In the entries that follow, the first line to write out is the one containing "(* The copies", and the last is the one containing "have copy0 w". Reproduce that stretch exactly, with nothing before or after it.

- - - - - - -

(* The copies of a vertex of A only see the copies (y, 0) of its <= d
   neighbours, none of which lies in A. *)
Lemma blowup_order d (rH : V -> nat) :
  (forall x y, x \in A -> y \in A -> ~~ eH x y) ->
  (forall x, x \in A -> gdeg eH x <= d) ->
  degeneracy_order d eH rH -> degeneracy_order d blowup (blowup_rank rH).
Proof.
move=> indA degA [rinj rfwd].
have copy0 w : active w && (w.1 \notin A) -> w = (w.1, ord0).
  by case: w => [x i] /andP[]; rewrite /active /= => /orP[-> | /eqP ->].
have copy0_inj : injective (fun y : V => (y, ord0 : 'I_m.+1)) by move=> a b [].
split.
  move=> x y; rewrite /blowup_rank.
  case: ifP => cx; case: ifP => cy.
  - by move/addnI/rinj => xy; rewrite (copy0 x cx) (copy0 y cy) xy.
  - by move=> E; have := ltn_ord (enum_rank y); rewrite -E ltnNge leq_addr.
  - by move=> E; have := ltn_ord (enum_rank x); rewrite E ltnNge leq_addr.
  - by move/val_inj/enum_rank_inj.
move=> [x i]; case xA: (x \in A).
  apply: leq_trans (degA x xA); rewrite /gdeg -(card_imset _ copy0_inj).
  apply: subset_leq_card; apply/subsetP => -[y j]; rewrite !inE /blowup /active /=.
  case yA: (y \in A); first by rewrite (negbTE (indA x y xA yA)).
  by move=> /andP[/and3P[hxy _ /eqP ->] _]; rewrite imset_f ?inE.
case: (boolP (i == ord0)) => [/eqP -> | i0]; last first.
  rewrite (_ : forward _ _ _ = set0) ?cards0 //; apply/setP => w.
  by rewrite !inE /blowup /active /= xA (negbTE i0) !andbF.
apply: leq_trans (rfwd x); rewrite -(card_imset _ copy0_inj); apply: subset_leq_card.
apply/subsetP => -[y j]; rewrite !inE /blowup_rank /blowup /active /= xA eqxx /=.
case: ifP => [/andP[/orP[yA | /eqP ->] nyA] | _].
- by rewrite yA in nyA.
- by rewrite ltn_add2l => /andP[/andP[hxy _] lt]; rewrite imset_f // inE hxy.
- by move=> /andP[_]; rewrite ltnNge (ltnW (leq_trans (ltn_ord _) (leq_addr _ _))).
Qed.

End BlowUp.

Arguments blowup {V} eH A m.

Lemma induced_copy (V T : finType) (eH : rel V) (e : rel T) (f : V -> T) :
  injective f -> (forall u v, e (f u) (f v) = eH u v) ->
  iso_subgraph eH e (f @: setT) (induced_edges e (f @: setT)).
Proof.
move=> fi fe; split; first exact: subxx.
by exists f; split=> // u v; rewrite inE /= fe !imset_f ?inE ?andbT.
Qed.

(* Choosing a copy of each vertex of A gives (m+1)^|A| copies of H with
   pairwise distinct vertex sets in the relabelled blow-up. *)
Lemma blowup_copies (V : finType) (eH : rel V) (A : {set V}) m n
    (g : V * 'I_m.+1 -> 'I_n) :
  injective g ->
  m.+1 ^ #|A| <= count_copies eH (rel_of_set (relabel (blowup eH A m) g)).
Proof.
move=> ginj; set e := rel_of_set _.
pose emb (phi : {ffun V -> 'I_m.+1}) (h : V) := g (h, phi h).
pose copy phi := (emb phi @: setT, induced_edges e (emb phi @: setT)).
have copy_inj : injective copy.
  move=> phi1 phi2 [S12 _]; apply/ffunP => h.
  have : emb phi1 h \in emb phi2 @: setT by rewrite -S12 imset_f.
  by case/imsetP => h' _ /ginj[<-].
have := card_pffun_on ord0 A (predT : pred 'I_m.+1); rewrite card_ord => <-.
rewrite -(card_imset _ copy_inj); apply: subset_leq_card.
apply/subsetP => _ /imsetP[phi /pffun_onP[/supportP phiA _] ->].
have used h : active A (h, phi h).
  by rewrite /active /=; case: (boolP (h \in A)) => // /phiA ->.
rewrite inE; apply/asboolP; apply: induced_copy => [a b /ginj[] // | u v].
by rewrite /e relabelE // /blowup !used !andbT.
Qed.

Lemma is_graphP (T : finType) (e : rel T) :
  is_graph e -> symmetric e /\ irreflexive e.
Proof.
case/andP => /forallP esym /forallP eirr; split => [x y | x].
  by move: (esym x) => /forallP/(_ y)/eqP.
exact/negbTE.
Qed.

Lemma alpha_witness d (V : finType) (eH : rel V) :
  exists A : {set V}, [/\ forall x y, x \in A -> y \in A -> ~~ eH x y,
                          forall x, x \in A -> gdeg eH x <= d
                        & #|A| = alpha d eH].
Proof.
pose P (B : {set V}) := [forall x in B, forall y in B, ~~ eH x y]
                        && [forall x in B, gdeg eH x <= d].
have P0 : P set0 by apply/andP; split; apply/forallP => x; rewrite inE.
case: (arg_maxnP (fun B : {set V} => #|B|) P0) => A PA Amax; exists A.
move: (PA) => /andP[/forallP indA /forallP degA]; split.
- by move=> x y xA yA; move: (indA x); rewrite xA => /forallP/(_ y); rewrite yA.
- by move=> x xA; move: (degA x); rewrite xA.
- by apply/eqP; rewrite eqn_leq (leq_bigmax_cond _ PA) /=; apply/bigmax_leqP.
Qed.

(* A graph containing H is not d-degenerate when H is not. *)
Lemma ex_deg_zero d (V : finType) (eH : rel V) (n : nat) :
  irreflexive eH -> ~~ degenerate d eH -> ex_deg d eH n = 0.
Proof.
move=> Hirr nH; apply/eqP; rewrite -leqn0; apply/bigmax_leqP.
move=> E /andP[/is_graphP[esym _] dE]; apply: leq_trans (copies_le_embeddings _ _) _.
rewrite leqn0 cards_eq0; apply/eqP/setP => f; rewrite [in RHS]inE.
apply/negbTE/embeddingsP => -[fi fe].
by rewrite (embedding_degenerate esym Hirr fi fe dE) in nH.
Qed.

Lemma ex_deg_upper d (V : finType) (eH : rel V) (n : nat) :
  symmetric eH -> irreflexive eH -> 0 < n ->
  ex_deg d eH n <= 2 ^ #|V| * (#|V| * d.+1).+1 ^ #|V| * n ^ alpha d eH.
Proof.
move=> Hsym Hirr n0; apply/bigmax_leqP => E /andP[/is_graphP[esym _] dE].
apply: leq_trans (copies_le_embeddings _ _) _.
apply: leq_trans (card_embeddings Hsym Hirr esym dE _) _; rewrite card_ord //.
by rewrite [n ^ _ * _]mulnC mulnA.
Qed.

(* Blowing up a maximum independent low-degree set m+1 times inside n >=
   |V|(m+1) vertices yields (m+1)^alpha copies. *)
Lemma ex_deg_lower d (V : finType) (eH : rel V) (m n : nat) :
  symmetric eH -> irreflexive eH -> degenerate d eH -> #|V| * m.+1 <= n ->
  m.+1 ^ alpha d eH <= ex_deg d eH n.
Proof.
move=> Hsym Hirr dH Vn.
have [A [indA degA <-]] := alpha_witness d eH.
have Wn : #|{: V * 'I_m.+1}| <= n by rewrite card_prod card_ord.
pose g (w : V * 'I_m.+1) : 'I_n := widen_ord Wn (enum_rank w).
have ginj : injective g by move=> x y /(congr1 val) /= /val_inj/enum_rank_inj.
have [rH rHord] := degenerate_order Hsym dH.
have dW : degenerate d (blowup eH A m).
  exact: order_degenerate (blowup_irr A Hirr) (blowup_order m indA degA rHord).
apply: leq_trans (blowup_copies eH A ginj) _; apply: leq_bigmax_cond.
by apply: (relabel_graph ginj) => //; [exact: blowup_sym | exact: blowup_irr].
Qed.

- - - - - - -

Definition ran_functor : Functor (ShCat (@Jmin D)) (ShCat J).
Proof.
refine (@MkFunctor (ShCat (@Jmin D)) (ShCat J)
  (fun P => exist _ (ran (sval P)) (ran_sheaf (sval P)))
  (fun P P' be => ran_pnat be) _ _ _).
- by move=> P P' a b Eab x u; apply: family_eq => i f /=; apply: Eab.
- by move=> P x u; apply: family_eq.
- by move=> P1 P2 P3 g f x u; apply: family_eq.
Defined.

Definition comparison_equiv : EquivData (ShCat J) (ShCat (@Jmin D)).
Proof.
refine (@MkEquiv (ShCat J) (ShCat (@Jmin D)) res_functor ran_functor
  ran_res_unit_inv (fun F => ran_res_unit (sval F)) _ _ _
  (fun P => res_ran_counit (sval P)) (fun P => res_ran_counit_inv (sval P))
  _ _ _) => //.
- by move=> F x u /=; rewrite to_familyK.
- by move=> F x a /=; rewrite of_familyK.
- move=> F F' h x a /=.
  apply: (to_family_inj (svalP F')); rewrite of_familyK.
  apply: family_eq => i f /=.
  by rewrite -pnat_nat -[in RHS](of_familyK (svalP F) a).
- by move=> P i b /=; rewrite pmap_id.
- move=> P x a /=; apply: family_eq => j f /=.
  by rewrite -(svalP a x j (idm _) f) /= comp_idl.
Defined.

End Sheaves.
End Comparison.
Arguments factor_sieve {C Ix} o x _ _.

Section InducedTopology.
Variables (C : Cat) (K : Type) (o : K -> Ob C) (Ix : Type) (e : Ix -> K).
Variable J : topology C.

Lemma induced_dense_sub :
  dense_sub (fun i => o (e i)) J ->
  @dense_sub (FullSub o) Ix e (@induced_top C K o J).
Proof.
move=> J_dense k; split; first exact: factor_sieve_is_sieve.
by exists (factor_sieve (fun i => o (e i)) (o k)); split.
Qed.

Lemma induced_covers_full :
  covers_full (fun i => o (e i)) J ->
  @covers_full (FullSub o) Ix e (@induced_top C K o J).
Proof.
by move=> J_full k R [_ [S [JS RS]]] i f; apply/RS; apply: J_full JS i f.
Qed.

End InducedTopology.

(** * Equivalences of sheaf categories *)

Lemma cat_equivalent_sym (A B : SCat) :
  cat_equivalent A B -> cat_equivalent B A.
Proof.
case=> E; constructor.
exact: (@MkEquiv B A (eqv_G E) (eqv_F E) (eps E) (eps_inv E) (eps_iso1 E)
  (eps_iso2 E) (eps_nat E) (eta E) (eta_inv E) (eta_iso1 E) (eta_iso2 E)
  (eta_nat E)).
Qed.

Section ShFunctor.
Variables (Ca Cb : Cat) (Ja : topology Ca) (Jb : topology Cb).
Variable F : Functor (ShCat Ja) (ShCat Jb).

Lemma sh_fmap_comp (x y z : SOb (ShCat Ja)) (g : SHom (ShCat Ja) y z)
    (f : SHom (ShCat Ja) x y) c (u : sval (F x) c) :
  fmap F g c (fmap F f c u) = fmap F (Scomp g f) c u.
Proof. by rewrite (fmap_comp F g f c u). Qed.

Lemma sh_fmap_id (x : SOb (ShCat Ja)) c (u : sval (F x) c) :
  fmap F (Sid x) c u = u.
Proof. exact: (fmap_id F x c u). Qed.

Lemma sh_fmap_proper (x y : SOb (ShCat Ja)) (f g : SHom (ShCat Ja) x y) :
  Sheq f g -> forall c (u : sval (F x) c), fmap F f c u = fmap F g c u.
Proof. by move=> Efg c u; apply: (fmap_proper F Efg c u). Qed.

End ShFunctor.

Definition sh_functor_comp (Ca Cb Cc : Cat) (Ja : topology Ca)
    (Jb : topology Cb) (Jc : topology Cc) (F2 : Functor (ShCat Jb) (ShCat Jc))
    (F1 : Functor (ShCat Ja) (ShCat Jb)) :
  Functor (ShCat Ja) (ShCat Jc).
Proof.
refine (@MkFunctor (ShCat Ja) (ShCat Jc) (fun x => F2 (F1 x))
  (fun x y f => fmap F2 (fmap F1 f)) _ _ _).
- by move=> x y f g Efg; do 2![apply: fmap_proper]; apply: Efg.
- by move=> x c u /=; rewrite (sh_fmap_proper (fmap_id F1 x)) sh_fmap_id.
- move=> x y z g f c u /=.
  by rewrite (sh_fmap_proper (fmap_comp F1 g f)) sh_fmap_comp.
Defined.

- - - - - - -

*OUTPUT OF THE EXERCISE:*
(* The copies of a vertex of A only see the copies (y, 0) of its <= d
   neighbours, none of which lies in A. *)
Lemma blowup_order d (rH : V -> nat) :
  (forall x y, x \in A -> y \in A -> ~~ eH x y) ->
  (forall x, x \in A -> gdeg eH x <= d) ->
  degeneracy_order d eH rH -> degeneracy_order d blowup (blowup_rank rH).
Proof.
move=> indA degA [rinj rfwd].
have copy0 w : active w && (w.1 \notin A) -> w = (w.1, ord0).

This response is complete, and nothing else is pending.